Operational viability has become a serious concern, especially for smaller, independently owned retailers with limited access to capital. It is no longer a question of profitability; it is a question of survival.

Number two, while still reeling from these massively devalued inventory and product writedowns, dealers are now confronting prohibitive regulatory compliance costs for fertilizers and chemicals. Whether they are developed as an industry code or as a government regulation, these new standards translate to real operating costs, and agri-retailers are continually being stuck with the bill. In and of itself, no one regulation is the culprit. However, it is the cumulative cost of several existing and new requirements that is threatening the ability of many operations to run profitably. CSA B620, the ammonia code of practice, provincial boiler branch regulations, the Agrichemical Warehousing Standards Association, emergency response assistance programs, restricted components regulations, and now the new transport of dangerous goods security regulations have culminated in an insurmountable and near-futile hurdle for agri-retailers. This cumulative regulatory burden is simply too much to bear for most agri-retailers. The input market will not support price increases at a time when customers are already deferring their purchases and margins are thinned by the averaging in of higher-priced inventory.

CAAR has testified in front of this committee before about this issue and warned that if a site security and safety contribution program was not established, then dealers would be forced to drop products and even exit the market entirely. That is all coming to fruition now. Many dealers have analyzed their costs to maintain products like anhydrous ammonia and have concluded that it simply is not profitable to continue offering that product. Several dealers, including a major network in Alberta, have recently decided to stop selling anhydrous ammonia. Consequences to the growers are obvious: reduced competition, reduced access to product, increased transportation cost, and of course higher prices down the road.

This regulatory burden is now going to be further compounded by new security regulations being developed under the new and revised Transport of Dangerous Goods Act. Unfortunately, regulators and departments perceive each isolated regulation as minimally prescriptive, but from an agri-retail perspective, when they're considered collectively, because they have to be, then the cumulative burden becomes prohibitive. In other words, a death by a thousand cuts is just as lethal.

CAAR has previously proposed an integrated crop input security protocol that covers all input in a single initiative, so we do not have to address security with an inefficient product-by-product piecemeal approach. But that proposal continues to fall on deaf ears, despite supporting recommendations by both this House committee as well as the Senate agricultural committee.
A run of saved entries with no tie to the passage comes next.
Lemma jensen_ln : \sum_(i | P i) w i * ln (y i) <= ln (\sum_(i | P i) w i * y i).
Proof.
set S := \sum_(i | P i) w i * y i; have S0 : 0 < S := weighted_sum_gt0.
have RHS0 : \sum_(i | P i) w i * (y i / S - 1) = 0.
  rewrite (eq_bigr (fun i => w i * y i / S - w i)) => [|i _]; last first.
    by rewrite mulrBr mulr1 mulrA.
  by rewrite sumrB -mulr_suml divff ?gt_eqF // w_sum subrr.
have LHSE : \sum_(i | P i) w i * ln (y i / S) = \sum_(i | P i) w i * ln (y i) - ln S.
  rewrite -[ln S]mul1r -w_sum mulr_suml -sumrB; apply: eq_bigr => i Pi.
  by rewrite ln_div ?posrE ?y_gt0 // mulrBr.
rewrite -subr_le0 -LHSE -[X in _ <= X]RHS0; apply: ler_sum => i Pi.
rewrite ler_wpM2l ?w_ge0 // -[X in ln X](subrKC 1) le_ln1Dx //.
by have := divr_gt0 (y_gt0 Pi) S0; lra.
Qed.

End WeightedSums.

Section PowerDivergence.
Variables (R : realType) (T : finType) (s : R) (p q : T -> R).
Hypotheses (s_gt0 : 0 < s) (dp : is_distr p) (dq : is_distr q) (pq : abs_cont p q).

Let q_gt0 x : p x != 0 -> 0 < q x.
Proof.
move=> px; have [q0 _] := dq.
by rewrite lt_def q0 andbT; apply: contra px => /eqP/pq ->.
Qed.

Let ratio_gt0 x : p x != 0 -> 0 < p x / q x.
Proof. by move=> px; rewrite divr_gt0 ?q_gt0 // lt_def px; case: dp => ->. Qed.

Lemma fdiv_powR_supp : fdiv (fun t => t `^ s) p q =
  \sum_(x | p x != 0) p x * (p x / q x) `^ (s - 1).
Proof.
rewrite /fdiv big_mkcond [RHS]big_mkcond; apply: eq_bigr => x _.
have [px|/negPn/eqP px0] := boolP (p x != 0).
  rewrite gt_eqF ?q_gt0 // -(mulr_powRB1 (ltW (ratio_gt0 px)) s_gt0).
  by rewrite mulrA [q x * _]mulrCA divff ?mulr1 // gt_eqF // q_gt0.
by rewrite px0 mul0r powR0 ?mulr0 ?if_same // gt_eqF.
Qed.

Let weights : [/\ forall x, p x != 0 -> 0 <= p x,
  forall x, p x != 0 -> 0 < (p x / q x) `^ (s - 1)
  & \sum_(x | p x != 0) p x = 1].
Proof.
have [p0 p1] := dp; split=> [x _|x px|]; first exact: p0.
  exact: powR_gt0 (ratio_gt0 px).
by rewrite (@sum_support _ _ p p) // p1.
Qed.

Lemma fdiv_powR_gt0 : 0 < fdiv (fun t => t `^ s) p q.
Proof. by have [? ? ?] := weights; rewrite fdiv_powR_supp weighted_sum_gt0. Qed.

Lemma KL_le_ln_fdiv_powR : (s - 1) * KL p q <= ln (fdiv (fun t => t `^ s) p q).
Proof.
have [? ? ?] := weights; rewrite fdiv_powR_supp; apply: le_trans (jensen_ln _ _ _) => //.
rewrite /KL mulr_sumr; apply: ler_sum => x px.
by rewrite ln_powR mulrCA.
Qed.

End PowerDivergence.

Lemma derivable_is_derive1 (R : realType) (h : R -> R) (x : R) :
  derivable h x 1 -> is_derive x 1 h (derive1 h x).
Proof. by rewrite derive1E => /derivableP. Qed.

Theorem theorem8 (R : realType) (f : R -> R) (c s : R) :
  convex_nonneg f ->
  f 1 = 1 ->
  (forall x : R, 0 < x ->
     [/\ derivable f x 1, derivable (derive1 f) x 1,
         derivable (gfun f) x 1 & derivable (derive1 (gfun f)) x 1]) ->
  (forall x : R, 0 < x -> 0 <= gfun f x) ->
  (forall x alpha : R, 0 < x -> 0 < alpha ->
     x ^+ 2 * derive1 (derive1 (gfun f)) x - gfun f alpha * gfun f (x / alpha) <= 0) ->
  0 < c -> 1 < s ->
  (forall x : R, 0 <= x -> c * x `^ s <= f x) ->
  forall (T : finType) (p q : T -> R),
    is_distr p -> is_distr q -> abs_cont p q ->
    KL p q <= ln (1 + fdiv (fun t => f t - 1) p q) / (s - 1).
Proof.
move=> f_convex f_at1 f_deriv _ g_cond c0 s1 f_ge T p q dp dq pq.
have s0 : 0 < s := lt_trans ltr01 s1.
have f_mul : centered_submultiplicative f.
  apply: (@centered_submultiplicative_of_g_cond _ f _ _ (gfun f) _ _ f_at1 _ _ _ _
    (fun _ _ => erefl) g_cond).
  - by move=> x /f_deriv[d _ _ _]; exact: derivable_is_derive1.
  - by move=> x /f_deriv[_ d _ _]; exact: derivable_is_derive1.
  - by move=> x /f_deriv[_ _ d _]; exact: derivable_is_derive1.
  - by move=> x /f_deriv[_ _ _ d]; exact: derivable_is_derive1.
have M_le_F := fdiv_powR_le f_convex f_mul f_at1 c0 f_ge (ltW s0) dp dq pq.
have M_gt0 := fdiv_powR_gt0 s0 dp dq pq.
rewrite fdivB fdiv_cst // addrC subrK ler_pdivlMr ?subr_gt0 // mulrC.
apply: le_trans (KL_le_ln_fdiv_powR s0 dp dq pq) _.
by rewrite ler_ln ?posrE // (lt_le_trans M_gt0).
Qed.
Canadian agri-retailers and growers now find themselves at a competitive disadvantage versus their American counterparts, as a result of passage of the massive U.S. Farm Bill that contains an agri-business security tax credit that essentially splits the cost of site security between government and industry. The U.S. Congress has also passed a grant program for acquisition of specialty security equipment. This committee has already recognized the disadvantage this disparity poses for Canadian agriculture and reflected it in its recommendation previously. Still, nothing has been done about it.
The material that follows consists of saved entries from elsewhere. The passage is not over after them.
(* Assume the sparsity setting with $1\le p\le2$. Let $(c^\ast,s^\ast)\in X\times Y$, $u^\ast=B(c^\ast,s^\ast)$, with $c^\ast$ a $\Phi_p$-minimizing solution, and let $u_\delta\in Z$, $s_{\mathrm{mod},\epsilon}\in Y$ with $\|u^\ast-u_\delta\|\le\delta$, $\|s^\ast-s_{\mathrm{mod},\epsilon}\|\le\epsilon$. Let $0<\alpha_{\max}<\infty$ and assume there exist $\kappa_1\in[0,1)$, $\kappa_2\ge0$, $0\le\kappa_3<\min\{1,\gamma/(2\alpha_{\max})\}$ and $\xi^\ast=(\xi_{c^\ast},\xi_{s^\ast})\in\partial\tilde{\mathcal{R}}(c^\ast,s^\ast)$ such that for all $(c,s)\in X\times Y$ $$\langle\xi^\ast,(c^\ast-c,s^\ast-s)\rangle\le\kappa_1D^{\xi^\ast}_{\tilde{\mathcal{R}}}((c,s),(c^\ast,s^\ast))+\kappa_2\|B(c,s)-B(c^\ast,s^\ast)\|+\kappa_3\|s-s^\ast\|^2.$$ For $0<\alpha\le\alpha_{\max}$ let $(c^\alpha,s^\alpha)$ be a minimizer of $J^{u_\delta,s_{\mathrm{mod},\epsilon}}_{\alpha,\nu_1\alpha,\nu_2\alpha}$. If $\alpha\sim\delta+\epsilon$, then as $\delta+\epsilon\to0$ $$D^{\xi^\ast}_{\tilde{\mathcal{R}}}((c^\alpha,s^\alpha),(c^\ast,s^\ast))=\mathcal{O}(\delta+\epsilon),\qquad\|B(c^\alpha,s^\alpha)-B(c^\ast,s^\ast)\|=\mathcal{O}(\delta+\epsilon).$$
   Context: Sparsity setting: $X,Y,Z$ are Hilbert spaces; $X\times Y$ carries the inner product $\langle (c_1,s_1),(c_2,s_2)\rangle=\langle c_1,c_2\rangle_X+\langle s_1,s_2\rangle_Y$. $B:X\times Y\to Z$ is bilinear, satisfies $\|B(c,s)\|_Z\le C\|c\|_X\|s\|_Y$ for some $C>0$, and is sequentially weak-weak continuous. $Y_n\subset Y$ is a finite-dimensional subspace, $P:Y\to Y_n$ is linear and bounded, $s_{\mathrm{calib}}\in Y_n$. $\mathcal{R}_s:Y\to[0,\infty)$ is proper, convex and weakly lower semi-continuous. $\{\varphi_i\}_{i\in\mathbb{N}}$ is an orthonormal basis of $X$, weights satisfy $1\le w_i<\infty$, and $\Phi_p(c)=\sum_iw_i|\langle c,\varphi_i\rangle|^p$. Fix $\gamma>0$ and $\nu_1,\nu_2\in(0,\infty)$. $J^{u,s_m}_{\alpha,\beta,\mu}(c,s)=\frac12\|B(c,s)-u\|^2+\frac{\gamma}{2}\|s-s_m\|^2+\frac{\mu}{2}\|P(s)-s_{\mathrm{calib}}\|^2+\alpha\Phi_p(c)+\beta\mathcal{R}_s(s)$; $\tilde{\mathcal{R}}(c,s)=\Phi_p(c)+\frac{\nu_2}{2}\|P(s)-s_{\mathrm{calib}}\|^2+\nu_1\mathcal{R}_s(s)$. $c^\ast$ is a $\Phi_p$-minimizing solution if $c^\ast\in\arg\min\{\Phi_p(c):B(c,s^\ast)=u^\ast\}$. For a convex functional $\mathcal{R}$ and $\xi\in\partial\mathcal{R}(x^\ast)$, $D^{\xi}_{\mathcal{R}}(x,x^\ast)=\mathcal{R}(x)-\mathcal{R}(x^\ast)-\langle\xi,x-x^\ast\rangle$. $\alpha\sim\delta+\epsilon$ means $m(\delta+\epsilon)\le\alpha\le M(\delta+\epsilon)$ for constants $0<m\le M$. *)

From HB Require Import structures.
From mathcomp Require Import all_boot all_order all_algebra.
From mathcomp Require Import all_classical all_reals all_analysis.
Set Implicit Arguments. Unset Strict Implicit. Unset Printing Implicit Defensive.
Import Order.TTheory GRing.Theory Num.Theory.
Import numFieldNormedType.Exports.
Local Open Scope classical_set_scope.
Local Open Scope ring_scope.

Section Defs.
Variable R : realType.

(* [ip] is a (real) inner product inducing the norm of the normed module X.
   Together with X : completeNormedModType R this makes X a real Hilbert space. *)
Definition is_inner_product (X : normedModType R) (ip : X -> X -> R) : Prop :=
  [/\ (forall x y, ip x y = ip y x),
      (forall (a : R) (x y z : X), ip (a *: x + y) z = a * ip x z + ip y z)
    & (forall x, `|x| = Num.sqrt (ip x x))].

Definition weak_cvg (X : normedModType R) (ip : X -> X -> R)
  (u : nat -> X) (x : X) : Prop :=
  forall y, (fun n => ip (u n) y) @ \oo --> ip x y.

Definition prod_ip (X Y : normedModType R) (ipX : X -> X -> R) (ipY : Y -> Y -> R)
  (a b : X * Y) : R := ipX a.1 b.1 + ipY a.2 b.2.

Definition weak_cvg_prod (X Y : normedModType R) (ipX : X -> X -> R) (ipY : Y -> Y -> R)
  (u : nat -> X * Y) (x : X * Y) : Prop :=
  forall y, (fun n => prod_ip ipX ipY (u n) y) @ \oo --> prod_ip ipX ipY x y.

Definition bilinear_map (X Y Z : normedModType R) (B : X -> Y -> Z) : Prop :=
  (forall (a : R) c1 c2 s, B (a *: c1 + c2) s = a *: B c1 s + B c2 s) /\
  (forall (a : R) c s1 s2, B c (a *: s1 + s2) = a *: B c s1 + B c s2).

Definition seq_weak_weak_continuous (X Y Z : normedModType R)
  (ipX : X -> X -> R) (ipY : Y -> Y -> R) (ipZ : Z -> Z -> R) (B : X -> Y -> Z) : Prop :=
  forall (u : nat -> X * Y) (x : X * Y), weak_cvg_prod ipX ipY u x ->
    weak_cvg ipZ (fun n => B (u n).1 (u n).2) (B x.1 x.2).

Definition finite_dim_subspace (Y : normedModType R) (V : set Y) : Prop :=
  exists (n : nat) (e : 'I_n -> Y),
    V = [set y | exists a : 'I_n -> R, y = \sum_(i < n) a i *: e i].

Definition linear_map (Y Y' : normedModType R) (P : Y -> Y') : Prop :=
  forall (a : R) x y, P (a *: x + y) = a *: P x + P y.

Definition bounded_map (Y Y' : normedModType R) (P : Y -> Y') : Prop :=
  exists K : R, forall y, `|P y| <= K * `|y|.

Definition convex_fun (Y : normedModType R) (f : Y -> R) : Prop :=
  forall (t : R) x y, 0 <= t <= 1 ->
    f (t *: x + (1 - t) *: y) <= t * f x + (1 - t) * f y.

(* sequential weak lower semicontinuity: x_n -> x weakly implies
   f x <= liminf f x_n (written out with epsilons) *)
Definition weakly_lsc (Y : normedModType R) (ipY : Y -> Y -> R) (f : Y -> R) : Prop :=
  forall (u : nat -> Y) (x : Y), weak_cvg ipY u x ->
    forall e : R, 0 < e -> \forall n \near \oo, f x - e < f (u n).

Definition orthonormal_basis (X : normedModType R) (ipX : X -> X -> R)
  (phi : nat -> X) : Prop :=
  (forall i j, ipX (phi i) (phi j) = (i == j)%:R) /\
  (forall x, (fun n => \sum_(i < n) ipX x (phi i) *: phi i) @ \oo --> x).

Definition Phi_p (X : normedModType R) (ipX : X -> X -> R) (phi : nat -> X)
  (w : nat -> R) (p : R) (c : X) : \bar R :=
  (\sum_(0 <= i <oo) ((w i * `|ipX c (phi i)| `^ p)%:E))%E.

(* subgradient of an extended-real functional F at x w.r.t. the duality
   pairing [pair] (here an inner product); as usual, F x must be finite *)
Definition is_subgradient (T : zmodType) (F : T -> \bar R) (pair : T -> T -> R)
  (xi x : T) : Prop :=
  F x \is a fin_num /\ (forall y, (F x + (pair xi (y - x))%:E <= F y)%E).

Definition bregman (T : zmodType) (F : T -> \bar R) (pair : T -> T -> R)
  (xi y x : T) : \bar R :=
  (F y - F x - (pair xi (y - x))%:E)%E.

Definition Rtilde (X Y : normedModType R) (ipX : X -> X -> R) (phi : nat -> X)
  (w : nat -> R) (p : R) (P : Y -> Y) (s_calib : Y) (Rs : Y -> R) (nu1 nu2 : R)
  (x : X * Y) : \bar R :=
  (Phi_p ipX phi w p x.1
   + ((nu2 / 2) * `|P x.2 - s_calib| ^+ 2 + nu1 * Rs x.2)%:E)%E.

Definition Jfun (X Y Z : normedModType R) (B : X -> Y -> Z) (ipX : X -> X -> R)
  (phi : nat -> X) (w : nat -> R) (p : R) (P : Y -> Y) (s_calib : Y) (Rs : Y -> R)
  (gamma : R) (u : Z) (s_m : Y) (alpha beta mu : R) (x : X * Y) : \bar R :=
  (((1 / 2) * `|B x.1 x.2 - u| ^+ 2 + (gamma / 2) * `|x.2 - s_m| ^+ 2
     + (mu / 2) * `|P x.2 - s_calib| ^+ 2)%:E
   + alpha%:E * Phi_p ipX phi w p x.1 + (beta * Rs x.2)%:E)%E.

End Defs.

From HB Require Import structures.
From mathcomp Require Import all_boot all_order all_algebra.
From mathcomp Require Import all_classical all_reals all_analysis.
From mathcomp Require Import ring lra.
Import Order.TTheory GRing.Theory Num.Theory.
Import numFieldNormedType.Exports.
Local Open Scope classical_set_scope.
Local Open Scope ring_scope.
I recently attended a chemical sector security summit in Baltimore, Maryland, hosted by the Department of Homeland Security, and I was astounded by the level of cooperation between government and industry on chemical security. Not only is the U.S. government sharing the cost, but industry task forces have been struck to advise and consult with the Department of Homeland Security on pragmatic solutions that do not threaten operational viability of the private sector.

Ironically, here in Canada, CAAR cannot even get the Department of Public Safety to engage us in a discussion. The Minister of Public Safety has instructed us to take this matter up with the Minister of Agriculture, who has then passed the file onto to Agriculture Canada.

Despite several meetings with AAFC officials, the file is essentially being ignored. In fact, a recent access to information request by CAAR reveals that AAFC is actually internally dodging and deflecting the issue at every opportunity. AAFC staff insisted that we should produce evidence of industry support for our proposal, so we obtained consensus from the Canadian fertilizer industry on the security costs and even received a letter of endorsement, but then the department insisted that grower support was required. So we brought the Grain Growers of Canada representatives with us, who sat shoulder to shoulder with us in meetings. We also presented letters of support from the CFA. That wasn't good enough. Now AAFC wants more evidence of consequences to industry, so we've copied them on the takeovers and foreclosures that are occurring, but still that's not enough. This has clearly become a game of fetch.

CAAR would like to know when the government intends to take the matter of input security seriously and engage industry stakeholders in good faith negotiations toward a shared solution. When will thousands of Canadian agri-retailers receive an answer to their question? Will government help level the competitive playing field in a critical sector by cost sharing with us on an initiative that benefits all Canadians? Our $10-billion-a-year sector has the right to ask, why is this issue being dismissed?

It appears that the recent headlines about the Toronto 18 have done nothing to remind us of the threat posed by terrorist cells that operate all around us, and that crop inputs are a preferred weapon for those who wish to harm Canadian citizens and infrastructure.

The toxic inventory issue, prohibitive regulatory costs, and competitive international disadvantages have all taken a substantial toll on the smaller, independently owned dealers in Canada, because they have limited access to capital and credit. As such, they have become so-called targets of opportunity to be acquired by larger agri-businesses, including fertilizer manufacturers. Recently, Viterra and Agrium have been aggressively acquiring independent dealers in Alberta. Both are committed to expanding their crop input divisions through takeover strategies. Agrium has a major retail presence in the U.S. and is clearly seeking a similar position in Canada. What can an independent retailer do when their supplier becomes their biggest competitor?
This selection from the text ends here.